While Bulgakov is our road into the story and the estate, make no mistake, this is Sofya’s movie. The woman that wrote War and Peace six times by hand and was a chief voice in the sculpting of Anna Karenina has historically gotten a bad shake. Indeed, it is hard to ignore her paranoid rants in the diaries where at points she wants to “pluck out his (Tolstoy’s) heart with my bare hands.” Yet the complication of a woman defied on all fronts, even by her daughter (who has seemingly replaced her as his ally in writing) and a husband who is drifting further and further from the man she married into a collective idea of a saint is hard for her to swallow.
Mirren, the daughter of a Russian father, knows this woman throughout. When I heard she was cast in the role it seemed a matter of common sense. She allows Sofya her dignity, her shame, and even her suicidal absurdities. One is never sure if her wild antics (there are many) are simple theatrical manipulations or sincere expressions of the deep wounds being inflicted by those around her.

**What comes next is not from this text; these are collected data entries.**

Lemma little_o_le (f f' g g' : nat -> R) (C c : R) (N : nat) : 0 <= C -> 0 < c ->
  (forall n, (N <= n)%N -> Rabs (f n) <= C * Rabs (f' n)) ->
  (forall n, (N <= n)%N -> c * Rabs (g' n) <= Rabs (g n)) ->
  little_o f' g' -> little_o f g.
Proof.
move=> C0 c0 ff' gg' o_f'g' eps eps0.
have [M HM] := o_f'g' (eps * c / (C + 1)) ltac:(apply: Rdiv_lt_0_compat; nra).
exists (maxn N M) => n; rewrite geq_max => /andP [Nn Mn].
have := ff' n Nn; have := gg' n Nn; have := HM n Mn.
have := Rabs_pos (f' n); have := Rabs_pos (g' n).
set a := Rabs (f' n); set b := Rabs (g' n); set e' := eps * c / (C + 1).
have e'E : e' * (C + 1) = eps * c by rewrite /e'; field; lra.
nra.
Qed.

End Asymptotics.

Section DeltaAsymptotics.
Local Open Scope R_scope.

Lemma INR_expn (m e : nat) : INR (m ^ e)%N = INR m ^ e.
Proof. by elim: e => [|e IHe] //; rewrite expnS mult_INR IHe. Qed.

Lemma Rpower_mult_pow_le (c x D a : R) (M : nat) : 0 < c -> 0 < x -> 0 <= a ->
  c * x ^ M <= D -> Rpower c a * Rpower x (INR M * a) <= Rpower D a.
Proof.
move=> c0 x0 a0 cxD; have xM0 : 0 < x ^ M by apply: pow_lt.
rewrite -Rpower_mult Rpower_pow // Rpower_mult_distr //.
by apply: Rle_Rpower_l => //; split; [nra | exact: cxD].
Qed.

Variables (V : finType) (E : {set {set V}}).

Lemma GH_Delta_ge n : (2 <= #|V|)%N -> (0 < #|E|)%N -> (2 * #|V| <= n)%N ->
  / INR (2 ^ (#|V| - 2) * aut_card E) * INR n ^ (#|V| - 2) <= GH_Delta E n.
Proof.
move=> h2 k0 hn; rewrite /GH_Delta -INR_expn mult_INR.
set x := INR (n ^ _); set A := INR (2 ^ _); set a := INR (aut_card E).
set cn := INR (2 * #|E| * _).
have a0 : 0 < a by apply: lt_0_INR; apply/ssrnat.ltP; exact: aut_card_gt0.
have A0 : 0 < A by apply: lt_0_INR; apply/ssrnat.ltP; rewrite expn_gt0.
have x_le : x <= A * cn.
  rewrite /x /A /cn -mult_INR; apply: le_INR; apply/ssrnat.leP.
  apply: leq_trans (expn_le_ffact h2 hn) _; rewrite leq_mul // leq_pmull //.
  by rewrite muln_gt0.
have -> : / (A * a) * x = (x / A) / a by field; lra.
apply: Rmult_le_compat_r; first by apply/Rlt_le/Rinv_0_lt_compat.
apply: (Rmult_le_reg_r A) => //; rewrite /Rdiv Rmult_assoc Rinv_l; lra.
Qed.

I was left with the feeling that both were true in Mirren’s performance.
The title of The Last Station refers to the train station, Astrapovo, where the Count finally passes away at the end of a botched escape plan from his wife, the contradictory luxury of his estate, and the media frenzy that has current reverberations. There, detached from all the things he spent a lifetime cultivating, the great passing of the man, and not the idea of him, comes crashing home to all around.
Michael Hoffman, a former Rhodes scholar, himself seems a contradiction when you look at his career. The same man that directed One Fine Day and Soapdish is also responsible for such films as A Midsummer’s Nights Dream and Restoration. The combination of light and dark mix here in his game ensemble and the gorgeous backdrop of 1910 Russia. The Last Station hews away at the complexity of marriage, idolatry versus reality, and most importantly, the love of humanity and the humanity of love. One can only hope, come Oscar time, that this film is the Academy’s first stop and its last.
The Last Station is scheduled to open on January 15.